American War(17)



“If it does, I’ll make you a new raft.”

“You’re just saying that because you know we’re not coming back.”

“Enough.”

The family set their belongings down in the clearing and waited for the bus to arrive. Dana, exhausted, fell back asleep on the ground with her backpack for a pillow.

Sarat wandered nearby, foraging around the bushes, inspecting the yuccas. They were resilient-looking things, their leaves flat and rigid. Of the few plants that still grew in the parched Southern earth, the yuccas grew best.

Sarat ran her finger along the leaves. The skin felt dry and its texture resembled that of sandpaper. But it was also rubbery, with some give to its flesh. She pressed her finger against the needle at the end of the leaf, feeling her own skin compress. The needle ends were brown and rigid, immune to sun and storm.

The day grew warmer. The Chestnuts waited but no bus came. Soon, Martina began to wonder if they’d missed it entirely, and if she might soon have to decide whether to take the family eastward by foot.

“What is this, Mama?” Sarat asked, pointing to the yucca.

“It’s a plant, honey.”

“What kind of plant?”

“A cactus. Don’t get too close, you’ll hurt yourself.”

“Cactus,” Sarat repeated, letting her tongue whip every syllable. “Cac-tus.”

Martina heard the sound of wheels against the road. The bus turned the corner, coming from the south. It was a yellow, prewar school bus, retrofitted with solar panels along the roof. On either side of the bus, where once there would have been stenciled the name of some high school, instead was written, in block letters, CIVILIAN TRANSPORT.

The bus moved slowly, its panels still soaking up sunlight. The driver came to a stop at the clearing. The door folded open.

Martina herded the children to the other side of the road. She peered inside the bus. A driver of about thirty sat at the wheel. He was a chubby man, the sweat beaded on his skin.

Behind the driver sat another man, much taller and broader. He wore a plain white shirt and blue jeans and by his side rested, barrel-up, an old Type-95. It was a cheap and cheaply built rifle, popular with the rebels because it rarely jammed or broke down, and because it could be smuggled with relative ease in the aid ships. The man with the rifle watched Martina, expressionless.

“We’re the Chestnuts,” Martina told the driver. She realized then that she’d never learned the name of the man who’d promised to grant her passage. “The rebel commander said we’d be allowed to ride to Patience.”

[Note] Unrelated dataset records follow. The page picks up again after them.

Lemma nvals_step_ge A B n : is_submodule R A -> is_submodule R B -> ssubsetK A B ->
  (forall z, z != 0 -> n%:Z <= v z -> A z) -> (forall z, B z -> z != 0 -> 0 <= v z) ->
  (nvals A n + 1 <= nvals B n)%N.
Proof.
move=> sA sB [AB nBA] Ahigh Bge0.
rewrite /nvals (count_subpred (a := fun s : nat => asbool (in_valR A v s%:Z))
  (b := fun s : nat => asbool (in_valR B v s%:Z))).
  rewrite leq_add2l -has_count; apply: contraT => /hasPn no_new; case: nBA.
  apply: submodule_sub_by_values sB sA Ahigh _ => z Bz z0 vz.
  have vz_ge0 := Bge0 z Bz z0.
  have vz_lt : (`|v z| < n)%N by lia.
  have /asboolP Bvz : in_valR B v `|v z|%N by exists z; split => //; lia.
  have := no_new `|v z|%N; rewrite mem_iota vz_lt /= Bvz andbT negbK => /(_ isT).
  by move=> /asboolP [a [Aa a0 va]]; exists a; split => //; [apply: AB | lia].
by move=> s /asboolP As; apply/asboolP; apply: in_valR_subset As.
Qed.

Lemma length_nvals_le M N n m : length_is R M N n -> (nvals M m <= nvals N m + n)%N.
Proof.
case=> ch [ch0 chn sub_ch lt_ch max_ch].
rewrite -(eq_nvals m chn) -(eq_nvals m ch0).
elim: {-2}n (leqnn n) => [|j IH] jn; first by rewrite addn0.
have step : (nvals (ch j.+1) m <= nvals (ch j) m + 1)%N.
  apply: nvals_step_le; [apply: sub_ch; lia | exact: sub_ch | by case: (lt_ch j jn) |].
  by move=> L; exact: max_ch.
by apply: leq_trans step _; have := IH (ltnW jn); lia.
Qed.

Lemma chain_subset (ch : nat -> K -> Prop) n :
  (forall i, (i < n)%N -> subsetK (ch i) (ch i.+1)) ->
  forall i j, (i <= j <= n)%N -> subsetK (ch i) (ch j).
Proof.
move=> sub_ch i; elim=> [|j IH] /andP [ij jn]; first by have -> : i = 0%N by lia.
have [-> // | ne_ij] := eqVneq i j.+1.
by move=> z chz; apply: sub_ch => //; apply: IH chz; lia.
Qed.

Lemma length_nvals_ge M N n m : length_is R M N n ->
  (forall z, z != 0 -> m%:Z <= v z -> N z) -> (forall z, M z -> z != 0 -> 0 <= v z) ->
  (nvals N m + n <= nvals M m)%N.
Proof.
case=> ch [ch0 chn sub_ch lt_ch max_ch] Nhigh Mge0.
have mono := chain_subset (fun i lt_in => (lt_ch i lt_in).1).
rewrite -(eq_nvals m chn) -(eq_nvals m ch0).
elim: {-2}n (leqnn n) => [|j IH] jn; first by rewrite addn0.
have step : (nvals (ch j) m + 1 <= nvals (ch j.+1) m)%N.
  apply: nvals_step_ge; [apply: sub_ch; lia | exact: sub_ch | exact: lt_ch | | ].
  - by move=> z z0 mz; apply: (mono 0%N) ((ch0 z).2 (Nhigh z z0 mz)); lia.
  - by move=> z chz; apply: Mge0; apply/chn; apply: (mono j.+1 n) chz; lia.
by apply: leq_trans step; have := IH (ltnW jn); lia.
Qed.
End Ring.
(* Let $\mathbb{X}$ be a reflexive Kadets-Klee real Banach space and $\mathbb{Y}$ any real Banach space (both of dimension greater than $1$). Let $T\in\mathbb{K}(\mathbb{X},\mathbb{Y})$ with $\|T\|=1$ and let $\epsilon>0$. Then $T$ is a uniform $\epsilon$-BPB approximation of itself. In particular, if $\mathbb{X}$ and $\mathbb{Y}$ are finite-dimensional, then every $T\in\mathbb{L}(\mathbb{X},\mathbb{Y})$ with $\|T\|=1$ has a uniform $\epsilon$-BPB approximation for every $\epsilon>0$.
   Context: $\mathbb{K}(\mathbb{X},\mathbb{Y})$ (resp. $\mathbb{L}(\mathbb{X},\mathbb{Y})$) denotes the compact (resp. bounded) linear operators with the operator norm; $S_{\mathbb{X}}$ is the unit sphere. $\mathbb{X}$ is Kadets-Klee if $x_n\to x$ weakly and $\|x_n\|\to\|x\|$ imply $\|x_n-x\|\to0$. For $T\in\mathbb{L}(\mathbb{X},\mathbb{Y})$ with $\|T\|=1$ and fixed $\epsilon>0$, an operator $A\in\mathbb{L}(\mathbb{X},\mathbb{Y})$ with $\|A\|=1$ is a uniform $\epsilon$-BPB approximation of $T$ if there exists $\delta(\epsilon)>0$ such that whenever $x_0\in S_{\mathbb{X}}$ satisfies $\|Tx_0\|>1-\delta(\epsilon)$, there exists $u_0\in S_{\mathbb{X}}$ with $\|Au_0\|=1$, $\|u_0-x_0\|<\epsilon$ and $\|A-T\|<\epsilon$. *)

From HB Require Import structures.
From mathcomp Require Import all_boot all_order all_algebra.
From mathcomp Require Import all_classical all_reals all_analysis.
Set Implicit Arguments. Unset Strict Implicit. Unset Printing Implicit Defensive.
Import Order.TTheory GRing.Theory Num.Theory.
Import numFieldNormedType.Exports.
Local Open Scope classical_set_scope.
Local Open Scope ring_scope.

Section Defs.
Variable R : realType.

Definition bounded_op (X Y : normedModType R) (T : X -> Y) : Prop :=
  (forall x y, T (x + y) = T x + T y) /\
  (forall (a : R) x, T (a *: x) = a *: T x) /\
  continuous T.

Definition opnorm (X Y : normedModType R) (T : X -> Y) : R :=
  sup [set `|T x| | x in [set x : X | `|x| <= 1]].

Definition dual (X : normedModType R) : set (X -> R) :=
  [set f | bounded_op (f : X -> R^o)].

Definition weak_cvg (X : normedModType R) (u : nat -> X) (x : X) : Prop :=
  forall f, dual f -> (fun n => f (u n)) @ \oo --> f x.

Definition kadets_klee (X : normedModType R) : Prop :=
  forall (u : nat -> X) (x : X), weak_cvg u x ->
    (fun n => `|u n|) @ \oo --> `|x| ->
    (fun n => `|u n - x|) @ \oo --> (0 : R).

(* reflexive: the canonical embedding X -> X^** is onto, i.e. every bounded
   linear functional Phi on the dual X^* (with its operator norm) is an
   evaluation functional f |-> f x. *)
Definition reflexive_space (X : normedModType R) : Prop :=
  forall Phi : (X -> R) -> R,
    (forall f g (a : R), dual f -> dual g ->
        Phi (fun x => a * f x + g x) = a * Phi f + Phi g) ->
    (exists C : R, forall f, dual f -> `|Phi f| <= C * opnorm (f : X -> R^o)) ->
    exists x : X, forall f, dual f -> Phi f = f x.

Definition dim_gt1 (X : normedModType R) : Prop :=
  exists x y : X, forall a b : R, a *: x + b *: y = 0 -> a = 0 /\ b = 0.

Definition finite_dim (X : normedModType R) : Prop :=
  exists (n : nat) (v : 'I_n -> X),
    forall x : X, exists c : 'I_n -> R, x = \sum_(i < n) c i *: v i.

Definition compact_op (X Y : normedModType R) (T : X -> Y) : Prop :=
  bounded_op T /\ compact (closure (T @` [set x : X | `|x| <= 1])).

Definition uniform_BPB_approx (X Y : normedModType R) (T A : X -> Y) (eps : R)
  : Prop :=
  bounded_op A /\ opnorm A = 1 /\
  exists delta : R, 0 < delta /\
    forall x0 : X, `|x0| = 1 -> `|T x0| > 1 - delta ->
      exists u0 : X, `|u0| = 1 /\ `|A u0| = 1 /\ `|u0 - x0| < eps /\
        opnorm (fun x => A x - T x) < eps.

End Defs.

From HB Require Import structures.
From mathcomp Require Import all_boot all_order all_algebra.
From mathcomp Require Import all_classical all_reals all_analysis.
From mathcomp Require Import ring lra.
Import Order.TTheory GRing.Theory Num.Theory.
Import numFieldNormedType.Exports.
Local Open Scope classical_set_scope.
Local Open Scope ring_scope.
Set Implicit Arguments. Unset Strict Implicit. Unset Printing Implicit Defensive.

(* Both statements reduce to a sequential form: if [|x_n| = 1] and [|T x_n| -> 1],
   some [x_n] is [eps]-close to a unit vector where [T] attains its norm.
   Fix an ultrafilter [U] finer than the cofinite filter.  In finite dimension
   [x_n] has a norm [U]-limit [x]; in the reflexive case it has a weak [U]-limit
   [x], and compactness makes [T x_n] converge in norm along [U], necessarily to
   [T x].  Either way [|T x| = 1 = |x|].  To use the Kadets-Klee property one needs
   a weakly convergent sequence: diagonalising against norming functionals of a
   countable dense subset of the span of the [x_n] gives a subsequence converging
   weakly, hence in norm, to [x].  Hahn-Banach, proved here from Zorn's lemma,
   provides the norming functionals and keeps weak limits inside the closed span. *)

Section BoundedOperator.
Context {R : realType} {X Y : normedModType R} (T : X -> Y).
Hypothesis hT : bounded_op T.

Lemma bounded_opD x y : T (x + y) = T x + T y. Proof. by case: hT. Qed.
Lemma bounded_opZ a x : T (a *: x) = a *: T x. Proof. by case: hT => _ []. Qed.
Lemma bounded_op_continuous x : {for x, continuous T}.
Proof. by case: hT => _ [_]; apply. Qed.

Lemma bounded_op0 : T 0 = 0.
Proof. by rewrite -(scale0r 0) bounded_opZ scale0r. Qed.

Lemma bounded_opN x : T (- x) = - T x.
Proof. by rewrite -scaleN1r bounded_opZ scaleN1r. Qed.

Lemma bounded_opB x y : T (x - y) = T x - T y.
Proof. by rewrite bounded_opD bounded_opN. Qed.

The driver chuckled. “The rebel commander said that, did he? Well we can’t go upsetting him.” The smirk disappeared from his lips. “A hundred each.”

Martina shook her head. “He said we’d be allowed on. He said—”

“Lady, you speak English? A hundred a head.”

Martina shuffled through her baggage for the tin of money. “I’ve only got three hundred,” she said, “in LAEs.”

“Did I say LAEs?” the driver replied. “They don’t even accept that joke currency in Louisiana no more.”

“That’s all I got.”

The driver shrugged. He pulled a lever by the wheel and the door unfolded shut, knocking Martina back. The bus began to move.

Martina pulled her children from the path of the wheels. She ran alongside the bus and banged on the door with a fistful of dollars. The driver slowed to a stop once more.

“Well won’t you look at that?” he said to the man with the rifle. “Guess she just misplaced it is all.”

Martina paid the fare and ushered her children onto the bus. Simon hopped on and the twins followed, Sarat still carrying the statue of the Virgin. As he walked, Simon stared at the man with the rifle, hypnotized.

The family shuffled to the back of the bus. An old man, the only other passenger, sat in the second-to-last row. Martina and her children sat behind him on a bench in the very back. They set their bags and belongings on and under the bench, and sat close together on one side, opposite the old man. With a tinny groan, the bus lurched forward once more, its suspension singing to the tune of the cracked country road.

“They sent me all the way down here for this?” the driver asked the guard, who said nothing. “Waste of goddamn time. Why are we even picking up throwaways from outside the Mag? They sided with Columbus, let Columbus deal with them. We got our hands full with our own.”

The guard adjusted the banana clip on his rifle. He turned and looked out the window, ignoring the driver.

The driver turned to his passengers. “Well, you best settle the hell in,” he said. “Got a full long day ahead of you.”

The driver’s voice woke the old man, who until then had been asleep, his hat pinned between the window and the side of his head. He wiped a thin line of spittle from his mouth. Martina watched him. He was in his eighties, perhaps even older, a child of the previous millennium. Years of untempered sun had tanned the skin of his face and arms to leather, pocked in places with black spots. He wore a white prewar suit, accented with a red silk handkerchief whose top peered from the breast pocket. The suit jacket and pants were graying in the places where they stretched over the knees and elbows, but elsewhere they retained their whiteness. In its totality the suit gave the man an old-world appearance, an air of dignity. He seemed to Martina a creature not only of a different time but of a divergent one, born to an America that long ago turned along its own dark meridian and left the likes of him behind.